У Кузьмы мысли не только мутные, но и двоящиеся. У Тихона, впрочем, тоже. Оба томятся почти телесным томлением, непрерывным, тусклым. Но и непутевый Дениска, что бьет отца, и он в таком же противном, оголтелом томлении. Написать глупое, безграмотное и сантиментальное письмо о себе – так, никому. И ни за чем. Встретился Тихон – отдал Тихону. Почитав его немного и выбрасывая в полоскательницу, Тихон удивляется: «Чудной мы народ. Пестрая душа. То чистая собака человек, то грустит, жалкует, нежничает, сам над собою плачет…»

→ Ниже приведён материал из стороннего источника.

(* Let $H$ be a hereditary artin algebra, $n\ge2$, and let $f=\{f^i\}_{i=1}^n\colon X\to Y$ be an irreducible morphism in $\mathbf{C_n}({\rm proj}\,H)$ with $X$ or $Y$ indecomposable. Then: (1) $f$ is of type (ret) if and only if ${\rm Ker}\,f\in\mathbf{C_n}({\rm proj}\,H)\setminus\{0\}$; (2) if $f$ is of type (ret-irred-sec), then ${\rm Ker}\,f=0$.
   Context: For an artin algebra $\Lambda$ and $n\ge 2$, $\mathbf{C_n}({\rm proj}\,\Lambda)$ is the full subcategory of the category of complexes of finitely generated right $\Lambda$-modules consisting of complexes $X=(X^i,d^i_X)$ with $X^i$ projective for all $i$ and $X^i=0$ for $i\notin\{1,\dots,n\}$; morphisms are chain maps $f=\{f^i\}$. Kernels and cokernels are computed degreewise (with induced differentials) in the category of complexes of modules. A morphism in $\mathbf{C_n}({\rm proj}\,\Lambda)$ is irreducible if it is neither a section nor a retraction, and whenever $f=gh$ then $h$ is a section or $g$ is a retraction. Every irreducible $f=\{f^i\}$ in $\mathbf{C_n}({\rm proj}\,\Lambda)$ is of one of the following types: (sec) every $f^i$ is a section in ${\rm proj}\,\Lambda$; (ret) every $f^i$ is a retraction in ${\rm proj}\,\Lambda$; (ret-irred-sec) there is $i$ with $f^i$ irreducible in ${\rm proj}\,\Lambda$, $f^j$ a section for all $j>i$ and $f^j$ a retraction for all $j<i$. *)

From HB Require Import structures.
From mathcomp Require Import all_boot all_order all_algebra.
Set Implicit Arguments. Unset Strict Implicit. Unset Printing Implicit Defensive.
Import GRing.Theory.
Local Open Scope ring_scope.

Definition is_ideal (R : comPzRingType) (I : R -> Prop) : Prop :=
  I 0 /\ (forall x y, I x -> I y -> I (x + y)) /\ (forall r x, I x -> I (r * x)).

Definition artinian (R : comPzRingType) : Prop :=
  forall I : nat -> R -> Prop,
    (forall k, is_ideal (I k)) ->
    (forall k x, I k.+1 x -> I k x) ->
    exists N, forall k, (N <= k)%N -> forall x, I k x <-> I N x.

Definition fin_gen (A : pzRingType) (M : lmodType A) : Prop :=
  exists s : seq M, forall x : M,
    exists c : 'I_(size s) -> A, x = \sum_(i < size s) c i *: s`_i.

Definition artin_algebra (R : comPzRingType) (H : algType R) : Prop :=
  artinian R /\ fin_gen H.

Definition projective (A : pzRingType) (P : lmodType A) : Prop :=
  forall (N M : lmodType A) (g : {linear N -> M}) (h : {linear P -> M}),
    (forall y : M, exists x : N, g x = y) ->
    exists k : {linear P -> N}, forall p, g (k p) = h p.

Definition in_proj (A : pzRingType) (P : lmodType A) : Prop :=
  fin_gen P /\ projective P.

(* hereditary: every submodule of a projective module is projective
   (right modules over H, i.e. left modules over H^c) *)
Definition hereditary (R : comPzRingType) (H : algType R) : Prop :=
  forall (M P : lmodType (H^c)%type) (i : {linear M -> P}),
    projective P -> injective i -> projective M.

Definition mod_section (A : pzRingType) (M N : lmodType A) (f : {linear M -> N}) :=
  exists g : {linear N -> M}, forall x, g (f x) = x.
Definition mod_retraction (A : pzRingType) (M N : lmodType A) (f : {linear M -> N}) :=
  exists g : {linear N -> M}, forall y, f (g y) = y.
Definition mod_irreducible (A : pzRingType) (M N : lmodType A) (f : {linear M -> N}) :=
  ~ mod_section f /\ ~ mod_retraction f /\
  forall (Z : lmodType A) (h : {linear M -> Z}) (g : {linear Z -> N}),
    in_proj Z -> (forall x, f x = g (h x)) -> mod_section h \/ mod_retraction g.

(* Complexes are indexed by nat; degree i is X^i; X^i = 0 unless 1 <= i <= n
   (in particular degrees <= 0 of the Z-indexed complex are zero). *)
Record cplx (A : pzRingType) (n : nat) := Cplx {
  cobj : nat -> lmodType A;
  cdif : forall i, {linear cobj i -> cobj i.+1};
  cdd : forall i x, cdif i.+1 (cdif i x) = 0;
  cproj : forall i, in_proj (cobj i);
  cbound : forall i, (i < 1)%N \/ (n < i)%N -> forall x : cobj i, x = 0
}.

Definition cmor (A : pzRingType) n (X Y : cplx A n) :=
  forall i, {linear cobj X i -> cobj Y i}.

Definition is_chain (A : pzRingType) n (X Y : cplx A n) (f : cmor X Y) : Prop :=
  forall i x, f i.+1 (cdif X i x) = cdif Y i (f i x).

Definition cx_section (A : pzRingType) n (X Y : cplx A n) (f : cmor X Y) :=
  exists g : cmor Y X, is_chain g /\ forall i x, g i (f i x) = x.
Definition cx_retraction (A : pzRingType) n (X Y : cplx A n) (f : cmor X Y) :=
  exists g : cmor Y X, is_chain g /\ forall i y, f i (g i y) = y.

Definition cx_irreducible (A : pzRingType) n (X Y : cplx A n) (f : cmor X Y) :=
  ~ cx_section f /\ ~ cx_retraction f /\
  forall (Z : cplx A n) (h : cmor X Z) (g : cmor Z Y),
    is_chain h -> is_chain g -> (forall i x, f i x = g i (h i x)) ->
    cx_section h \/ cx_retraction g.

Definition cx_zero (A : pzRingType) n (X : cplx A n) : Prop :=
  forall i (x : cobj X i), x = 0.

Definition cx_indecomposable (A : pzRingType) n (X : cplx A n) : Prop :=
  ~ cx_zero X /\
  forall (X1 X2 : cplx A n) (i1 : cmor X1 X) (i2 : cmor X2 X)
         (p1 : cmor X X1) (p2 : cmor X X2),
    is_chain i1 -> is_chain i2 -> is_chain p1 -> is_chain p2 ->
    (forall i x, p1 i (i1 i x) = x) -> (forall i x, p2 i (i2 i x) = x) ->
    (forall i x, p1 i (i2 i x) = 0) -> (forall i x, p2 i (i1 i x) = 0) ->
    (forall i x, i1 i (p1 i x) + i2 i (p2 i x) = x) ->
    cx_zero X1 \/ cx_zero X2.

Definition type_ret (A : pzRingType) n (X Y : cplx A n) (f : cmor X Y) :=
  forall i, mod_retraction (f i).
Definition type_ret_irred_sec (A : pzRingType) n (X Y : cplx A n) (f : cmor X Y) :=
  exists i, mod_irreducible (f i) /\
    (forall j, (i < j)%N -> mod_section (f j)) /\
    (forall j, (j < i)%N -> mod_retraction (f j)).

Definition is_kernel (A : pzRingType) (M N K : lmodType A)
    (g : {linear M -> N}) (k : {linear K -> M}) : Prop :=
  injective k /\ forall x, g x = 0 <-> exists y, k y = x.

Definition ker_in_Cn_nonzero (A : pzRingType) n (X Y : cplx A n) (f : cmor X Y) :=
  (forall i, exists (K : lmodType A) (k : {linear K -> cobj X i}),
      is_kernel (f i) k /\ in_proj K) /\
  exists i (x : cobj X i), f i x = 0 /\ x <> 0.

Definition ker_zero (A : pzRingType) n (X Y : cplx A n) (f : cmor X Y) :=
  forall i x, f i x = 0 -> x = 0.

From HB Require Import structures.
From mathcomp Require Import all_boot all_order all_algebra.
From mathcomp Require Import boolp.

(* Factor f through its degreewise image: over a hereditary algebra the image
   of f is again a complex of projectives, so irreducibility makes either the
   corestriction X -> Im f a section (then f is a monomorphism) or the
   inclusion Im f -> Y a retraction (then every f^i is onto the projective
   Y^i, hence a retraction).  A degreewise retraction with zero kernel is a
   degreewise isomorphism, hence a retraction of complexes, which
   irreducibility forbids. *)

Set Implicit Arguments.
Unset Strict Implicit.
Unset Printing Implicit Defensive.
Import GRing.Theory.
Local Open Scope ring_scope.

Section LinearOf.
Variables (A : pzRingType) (U V : lmodType A) (g : U -> V) (lin_g : linear g).

(* A head constant depending on the linearity proof, on which the canonical
   linear structure of g can be keyed. *)
Definition linear_fun_of (_ : linear g) := g.
HB.instance Definition _ :=
  GRing.isLinear.Build A U V *:%R (linear_fun_of lin_g) lin_g.
Definition linear_of : {linear U -> V} := linear_fun_of lin_g.

Lemma linear_ofE x : linear_of x = g x.
Proof. by []. Qed.

End LinearOf.
Arguments linear_of {A U V} g lin_g.

Definition submod_closedP (A : pzRingType) (M : lmodType A) (P : M -> Prop) :=
  [/\ P 0, forall x y, P x -> P y -> P (x + y) & forall a x, P x -> P (a *: x)].

Section Submodule.
Variables (A : pzRingType) (M : lmodType A) (P : M -> Prop).
Variable (closedP : submod_closedP P).

(* The submodule type is indexed by the closure proof so that its module
   structure, which depends on that proof, can be declared canonical. *)
Record submod (closed : submod_closedP P) := Submod {
  submod_val : M;
  submod_valP : `[< P submod_val >]
}.

HB.instance Definition _ := [isSub for (@submod_val closedP)].
HB.instance Definition _ := [Choice of submod closedP by <:].

Lemma submod_subsemimod_closed : subsemimod_closed (fun x : M => `[< P x >]).
Proof.
case: closedP => P0 PD PZ; split; first split.
- exact/asboolP.
- by move=> x y /asboolP Px /asboolP Py; apply/asboolP; apply: PD.
- by move=> a x /asboolP Px; apply/asboolP; apply: PZ.
Qed.

HB.instance Definition _ := GRing.SubChoice_isSubLmodule.Build _ _ _
  (submod closedP) submod_subsemimod_closed.

Definition submod_incl : {linear submod closedP -> M} := val.

Lemma submod_incl_inj : injective submod_incl.
Proof. exact: val_inj. Qed.

Lemma submod_inclP (y : submod closedP) : P (submod_incl y).
Proof. exact/asboolP/submod_valP. Qed.

Variables (U : lmodType A) (g : {linear U -> M}) (gP : forall u, P (g u)).

Definition submod_corestr_fun (u : U) : submod closedP :=
  Submod closedP (asboolT (gP u)).

Lemma submod_corestr_linear : linear submod_corestr_fun.
Proof. by move=> a x y; apply: submod_incl_inj; rewrite /= linearP. Qed.

Definition submod_corestr : {linear U -> submod closedP} :=
  linear_of _ submod_corestr_linear.

Lemma submod_corestrK u : submod_incl (submod_corestr u) = g u.
Proof. by []. Qed.

End Submodule.
Arguments submod_corestr {A M P} closedP {U} g gP.

Section Surjective.
Variables (A : pzRingType) (M N : lmodType A) (g : {linear M -> N}).

Lemma fin_gen_surjective : fin_gen M -> (forall y, exists x, g x = y) -> fin_gen N.
Proof.
move=> [s gen] g_onto; exists (map g s) => y.
have [x <-] := g_onto y; have [c ->] := gen x.
rewrite linear_sum size_map; exists c; apply: eq_bigr => i _.
by rewrite linearZ /= (nth_map 0).
Qed.

Lemma projective_surjective_retraction :
  projective N -> (forall y, exists x, g x = y) -> mod_retraction g.
Proof.
move=> projN g_onto.
have [s gs] := projN _ _ g (linear_of id (fun _ _ _ => erefl)) g_onto.
by exists s.
Qed.

End Surjective.

Section ImageKernel.
Variables (A : pzRingType) (M N : lmodType A) (g : {linear M -> N}).

Lemma image_submod_closed : submod_closedP (fun y : N => exists x, g x = y).
Proof.
split; first by exists 0; rewrite linear0.
  by move=> _ _ [x <-] [y <-]; exists (x + y); rewrite linearD.
by move=> a _ [x <-]; exists (a *: x); rewrite linearZ.
Qed.

Lemma kernel_submod_closed : submod_closedP (fun x : M => g x = 0).
Proof.
split; first by rewrite linear0.
  by move=> x y gx gy; rewrite linearD gx gy addr0.
by move=> a x gx; rewrite linearZ /= gx scaler0.
Qed.

Lemma is_kernel_submod : is_kernel g (submod_incl kernel_submod_closed).
Proof.
split; first exact: submod_incl_inj.
move=> x; split; last by move=> [y <-]; exact: (submod_inclP y).
by move=> gx; exists (@Submod _ _ _ kernel_submod_closed x (asboolT gx)).
Qed.

Lemma fin_gen_image : fin_gen M -> fin_gen (submod image_submod_closed).
Proof.
move=> fgM; apply: (fin_gen_surjective (g := submod_corestr _ g
  (fun x => ex_intro _ x erefl))) => // z.
have [x gx] := submod_inclP z; exists x; exact: submod_incl_inj.
Qed.

Lemma fin_gen_kernel_retraction :
  fin_gen M -> mod_retraction g -> fin_gen (submod kernel_submod_closed).
Proof.
move=> fgM [s gs].
have lin_q : linear (fun x => x - s (g x)).
  by move=> a u v; rewrite !linearP /= scalerBr scalerN addrACA.
pose q := linear_of _ lin_q.
have gq x : g (q x) = 0 by rewrite /= linearB /= gs subrr.
apply: (fin_gen_surjective (g := submod_corestr _ q gq)) => // z.
exists (submod_incl _ z); apply: submod_incl_inj.
have gz : g (submod_incl _ z) = 0 := submod_inclP z.
by rewrite submod_corestrK linear_ofE gz linear0 subr0.
Qed.

End ImageKernel.

Lemma hereditary_submod_projective (R : comPzRingType) (H : algType R) :
  hereditary H -> forall (M : lmodType (H^c)%type) (P : M -> Prop)
    (closedP : submod_closedP P), projective M -> projective (submod closedP).
Proof.
move=> Hher M P closedP projM.
exact: (Hher _ _ (submod_incl closedP) projM (@submod_incl_inj _ _ _ closedP)).
Qed.

Section ImageComplex.
Variables (R : comPzRingType) (H : algType R) (Hher : hereditary H) (n : nat).
Local Notation A := (H^c)%type.
Variables (X Y : cplx A n) (f : cmor X Y) (f_chain : is_chain f).

Local Notation im_closed i := (image_submod_closed (f i)).
Local Notation im_obj i := (submod (im_closed i)).

Lemma cdif_image i (z : im_obj i) :
  exists x, f i.+1 x = cdif Y i (submod_incl (im_closed i) z).
Proof. by have [x <-] := submod_inclP z; exists (cdif X i x). Qed.

Definition image_cdif i : {linear im_obj i -> im_obj i.+1} :=
  submod_corestr _ (cdif Y i \o submod_incl (im_closed i)) (@cdif_image i).

Lemma image_cdd i z : image_cdif i.+1 (image_cdif i z) = 0.
Proof. by apply: submod_incl_inj; rewrite !submod_corestrK /= cdd. Qed.

Lemma image_cproj i : in_proj (im_obj i).
Proof.
have [fgX _] := cproj X i; have [_ projY] := cproj Y i.
split; first exact: fin_gen_image.
exact: hereditary_submod_projective.
Qed.

Lemma image_cbound i : (i < 1)%N \/ (n < i)%N -> forall z : im_obj i, z = 0.
Proof. by move=> hi z; apply: submod_incl_inj; rewrite linear0; apply: cbound. Qed.

Definition image_cplx : cplx A n := Cplx image_cdd image_cproj image_cbound.

Definition image_corestr : cmor X image_cplx :=
  fun i => submod_corestr _ (f i) (fun x => ex_intro _ x erefl).

Definition image_incl : cmor image_cplx Y := fun i => submod_incl (im_closed i).

Lemma image_corestr_chain : is_chain image_corestr.
Proof. by move=> i x; apply: submod_incl_inj; apply: f_chain. Qed.

Lemma image_incl_chain : is_chain image_incl.
Proof. by []. Qed.

Lemma cx_irreducible_ker_type_ret : cx_irreducible f -> ~ ker_zero f -> type_ret f.
Proof.
move=> [_ [_ irr]] /existsNP[i0] /existsNP[x0] /not_implyP[fx0 x0_neq0].
have [[g [_ g_corestr]] | [g [_ incl_g]] i] :=
  irr image_cplx image_corestr image_incl image_corestr_chain image_incl_chain
      (fun i x => erefl).
  have corestr_x0 : image_corestr i0 x0 = 0.
    by apply: submod_incl_inj; rewrite linear0.
  by case: x0_neq0; rewrite -(g_corestr i0 x0) corestr_x0 linear0.
have [_ projY] := cproj Y i.
apply: projective_surjective_retraction projY _ => y.
rewrite -(incl_g i y); exact: (submod_inclP (g i y)).
Qed.

End ImageComplex.

Lemma type_ret_ker_zero_cx_retraction (A : pzRingType) n (X Y : cplx A n)
    (f : cmor X Y) :
  is_chain f -> type_ret f -> ker_zero f -> cx_retraction f.
Proof.
move=> f_chain f_ret f_ker0.
have f_inj i : injective (f i).
  by move=> a b fab; apply/eqP; rewrite -subr_eq0; apply/eqP/f_ker0;
     rewrite linearB /= fab subrr.
pose g : cmor Y X := fun i => projT1 (cid (f_ret i)).
have fg i y : f i (g i y) = y by rewrite /g; case: cid.
exists g; split => [i y|//].
by apply: (f_inj i.+1); rewrite f_chain !fg.
Qed.

Lemma type_ret_ker_in_proj (R : comPzRingType) (H : algType R) n
    (X Y : cplx (H^c)%type n) (f : cmor X Y) :
  hereditary H -> type_ret f -> forall i, exists (K : lmodType (H^c)%type)
    (k : {linear K -> cobj X i}), is_kernel (f i) k /\ in_proj K.
Proof.
move=> Hher f_ret i.
exists (submod (kernel_submod_closed (f i))), (submod_incl _).
split; first exact: is_kernel_submod.
have [fgX projX] := cproj X i.
split; first exact: fin_gen_kernel_retraction.
exact: hereditary_submod_projective.
Qed.

Theorem proposition2p5 (R : comPzRingType) (H : algType R)
  (Hart : artin_algebra H) (Hher : hereditary H)
  (n : nat) (hn : (2 <= n)%N)
  (X Y : cplx (H^c)%type n) (f : cmor X Y)
  (hchain : is_chain f) (hirr : cx_irreducible f)
  (hind : cx_indecomposable X \/ cx_indecomposable Y) :
  (type_ret f <-> ker_in_Cn_nonzero f) /\
  (type_ret_irred_sec f -> ker_zero f).
Proof.
have ker_ret := cx_irreducible_ker_type_ret Hher hchain hirr.
split; first split.
- move=> f_ret; split; first exact: type_ret_ker_in_proj.
  apply: contrapT => ker0; have [_ [not_ret _]] := hirr; apply: not_ret.
  apply: type_ret_ker_zero_cx_retraction => // i x fx.
  by apply: contrapT => x_neq0; apply: ker0; exists i, x.
- move=> [_ [i [x [fx x_neq0]]]]; apply: ker_ret => ker0.
  exact/x_neq0/ker0/fx.
- move=> [i [[_ [not_ret _]] _]]; apply: contrapT => not_ker0.
  exact/not_ret/ker_ret.
Qed.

Пьют все, – ради чего стоит не пить? А выпьет Тихон, – этот странный в своей грубости, не похожий на Кузьму, мужик, – и все-таки телу как будто станет легче, хотя «душа продолжает жить своей жизнью, хмурой и тоскливой. Думы сменяют одна другую, но толку в них нет…». У Кузьмы бывают даже мгновенья, когда «слезы пьяной радости и силы, искажающей всякую картину до противоестественных размеров, застилают ему глаза». Душа Захара Воробьева, этого на редкость здорового, жизнерадостного великана, «жадно искала подвига… все равно доброго или злого, даже скорее доброго, чем злого». Но подвига не было, и не могло быть, и он ничего не знал о подвиге. Он бессмысленно хватает, «не помня себя от внезапной жалости», нищую, хромую старушонку и тащит на руках пять верст. Бессмысленно твердит непонятные слова, чуя в них какой-то чудесный намек на что-то: «Дуб дюже велик вырос, да дупло добре широко и ниток много распустил…» Не стерпя томления, жажды подвига, – он из вина делает подобие его: пьет гомерически. Пьет, чтобы сделать «удивительное», – и умирает на дороге. Но «страшная, смертельная тоска» не оставила его, пока не «разорвалось сердце».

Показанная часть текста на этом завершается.